• _What you will do_
Give again, exactly, every line of the entries below from the one that has "Lemma rsum_nonneg f" to the last.

[Stored data]
*** Block opens ***

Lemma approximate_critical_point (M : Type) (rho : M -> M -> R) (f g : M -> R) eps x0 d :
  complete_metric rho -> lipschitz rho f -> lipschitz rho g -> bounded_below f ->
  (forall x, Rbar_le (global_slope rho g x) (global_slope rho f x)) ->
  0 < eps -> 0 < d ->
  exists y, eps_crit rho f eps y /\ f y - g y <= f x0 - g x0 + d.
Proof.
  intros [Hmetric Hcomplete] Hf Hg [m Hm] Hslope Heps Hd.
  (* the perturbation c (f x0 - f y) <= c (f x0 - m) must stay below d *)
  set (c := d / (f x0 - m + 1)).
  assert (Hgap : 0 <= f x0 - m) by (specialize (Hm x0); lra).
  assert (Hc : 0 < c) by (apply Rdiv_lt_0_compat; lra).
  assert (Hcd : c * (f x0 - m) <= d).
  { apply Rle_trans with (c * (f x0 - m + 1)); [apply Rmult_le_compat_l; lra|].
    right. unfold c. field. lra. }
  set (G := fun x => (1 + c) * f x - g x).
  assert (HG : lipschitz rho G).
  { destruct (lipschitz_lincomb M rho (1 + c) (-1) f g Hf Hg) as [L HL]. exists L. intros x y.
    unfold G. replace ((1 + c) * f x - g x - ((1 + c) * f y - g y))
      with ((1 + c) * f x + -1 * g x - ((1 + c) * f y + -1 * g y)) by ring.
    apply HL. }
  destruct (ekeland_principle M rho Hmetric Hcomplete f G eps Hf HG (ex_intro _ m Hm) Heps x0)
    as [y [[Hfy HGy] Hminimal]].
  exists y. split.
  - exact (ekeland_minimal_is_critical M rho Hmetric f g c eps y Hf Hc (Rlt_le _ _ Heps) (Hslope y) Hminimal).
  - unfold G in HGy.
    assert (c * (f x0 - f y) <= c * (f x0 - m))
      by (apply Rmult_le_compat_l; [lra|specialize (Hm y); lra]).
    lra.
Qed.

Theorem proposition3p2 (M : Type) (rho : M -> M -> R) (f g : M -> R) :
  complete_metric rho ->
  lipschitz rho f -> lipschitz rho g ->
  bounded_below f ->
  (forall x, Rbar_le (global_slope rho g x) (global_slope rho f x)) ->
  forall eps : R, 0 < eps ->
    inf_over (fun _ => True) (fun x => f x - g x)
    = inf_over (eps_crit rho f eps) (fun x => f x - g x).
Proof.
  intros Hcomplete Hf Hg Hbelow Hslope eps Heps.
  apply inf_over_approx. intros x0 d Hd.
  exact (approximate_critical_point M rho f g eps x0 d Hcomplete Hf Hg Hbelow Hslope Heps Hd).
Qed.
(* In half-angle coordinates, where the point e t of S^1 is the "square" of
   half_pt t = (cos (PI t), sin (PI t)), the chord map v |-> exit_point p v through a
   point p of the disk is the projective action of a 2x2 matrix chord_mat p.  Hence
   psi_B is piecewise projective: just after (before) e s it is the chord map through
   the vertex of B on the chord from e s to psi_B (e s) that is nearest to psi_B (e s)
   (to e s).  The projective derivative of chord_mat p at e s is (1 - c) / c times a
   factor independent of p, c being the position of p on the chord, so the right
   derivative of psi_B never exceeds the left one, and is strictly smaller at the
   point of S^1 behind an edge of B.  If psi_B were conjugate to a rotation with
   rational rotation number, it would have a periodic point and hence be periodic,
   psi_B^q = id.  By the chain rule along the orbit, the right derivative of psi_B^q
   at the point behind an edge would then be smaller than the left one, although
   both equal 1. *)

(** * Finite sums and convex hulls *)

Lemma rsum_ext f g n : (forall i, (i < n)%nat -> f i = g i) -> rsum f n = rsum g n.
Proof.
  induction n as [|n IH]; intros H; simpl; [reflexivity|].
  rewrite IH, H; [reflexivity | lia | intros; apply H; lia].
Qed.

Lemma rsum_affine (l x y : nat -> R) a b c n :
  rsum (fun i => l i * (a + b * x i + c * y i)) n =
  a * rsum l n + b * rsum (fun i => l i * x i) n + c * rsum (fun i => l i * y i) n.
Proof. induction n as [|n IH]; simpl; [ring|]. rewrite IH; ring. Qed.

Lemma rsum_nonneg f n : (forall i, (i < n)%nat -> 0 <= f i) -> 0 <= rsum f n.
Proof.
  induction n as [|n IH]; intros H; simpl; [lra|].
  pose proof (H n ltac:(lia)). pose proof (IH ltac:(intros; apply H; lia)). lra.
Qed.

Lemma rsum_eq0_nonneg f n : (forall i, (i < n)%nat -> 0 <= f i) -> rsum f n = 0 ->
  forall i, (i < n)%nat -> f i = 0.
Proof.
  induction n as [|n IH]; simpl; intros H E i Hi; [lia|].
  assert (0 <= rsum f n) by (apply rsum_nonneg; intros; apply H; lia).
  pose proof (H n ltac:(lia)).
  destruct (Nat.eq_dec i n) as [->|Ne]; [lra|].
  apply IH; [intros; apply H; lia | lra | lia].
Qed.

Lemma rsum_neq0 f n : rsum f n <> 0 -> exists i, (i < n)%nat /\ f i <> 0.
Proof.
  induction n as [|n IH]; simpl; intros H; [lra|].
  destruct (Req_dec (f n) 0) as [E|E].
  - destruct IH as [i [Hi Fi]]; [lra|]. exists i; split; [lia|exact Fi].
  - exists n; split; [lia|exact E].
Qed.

*** Block closes ***

• _Answer to this exercise_
Lemma rsum_nonneg f n : (forall i, (i < n)%nat -> 0 <= f i) -> 0 <= rsum f n.
Proof.
  induction n as [|n IH]; intros H; simpl; [lra|].
  pose proof (H n ltac:(lia)). pose proof (IH ltac:(intros; apply H; lia)). lra.
Qed.

Lemma rsum_eq0_nonneg f n : (forall i, (i < n)%nat -> 0 <= f i) -> rsum f n = 0 ->
  forall i, (i < n)%nat -> f i = 0.
Proof.
  induction n as [|n IH]; simpl; intros H E i Hi; [lia|].
  assert (0 <= rsum f n) by (apply rsum_nonneg; intros; apply H; lia).
  pose proof (H n ltac:(lia)).
  destruct (Nat.eq_dec i n) as [->|Ne]; [lra|].
  apply IH; [intros; apply H; lia | lra | lia].
Qed.

Lemma rsum_neq0 f n : rsum f n <> 0 -> exists i, (i < n)%nat /\ f i <> 0.
Proof.
  induction n as [|n IH]; simpl; intros H; [lra|].
  destruct (Req_dec (f n) 0) as [E|E].
  - destruct IH as [i [Hi Fi]]; [lra|]. exists i; split; [lia|exact Fi].
  - exists n; split; [lia|exact E].
Qed.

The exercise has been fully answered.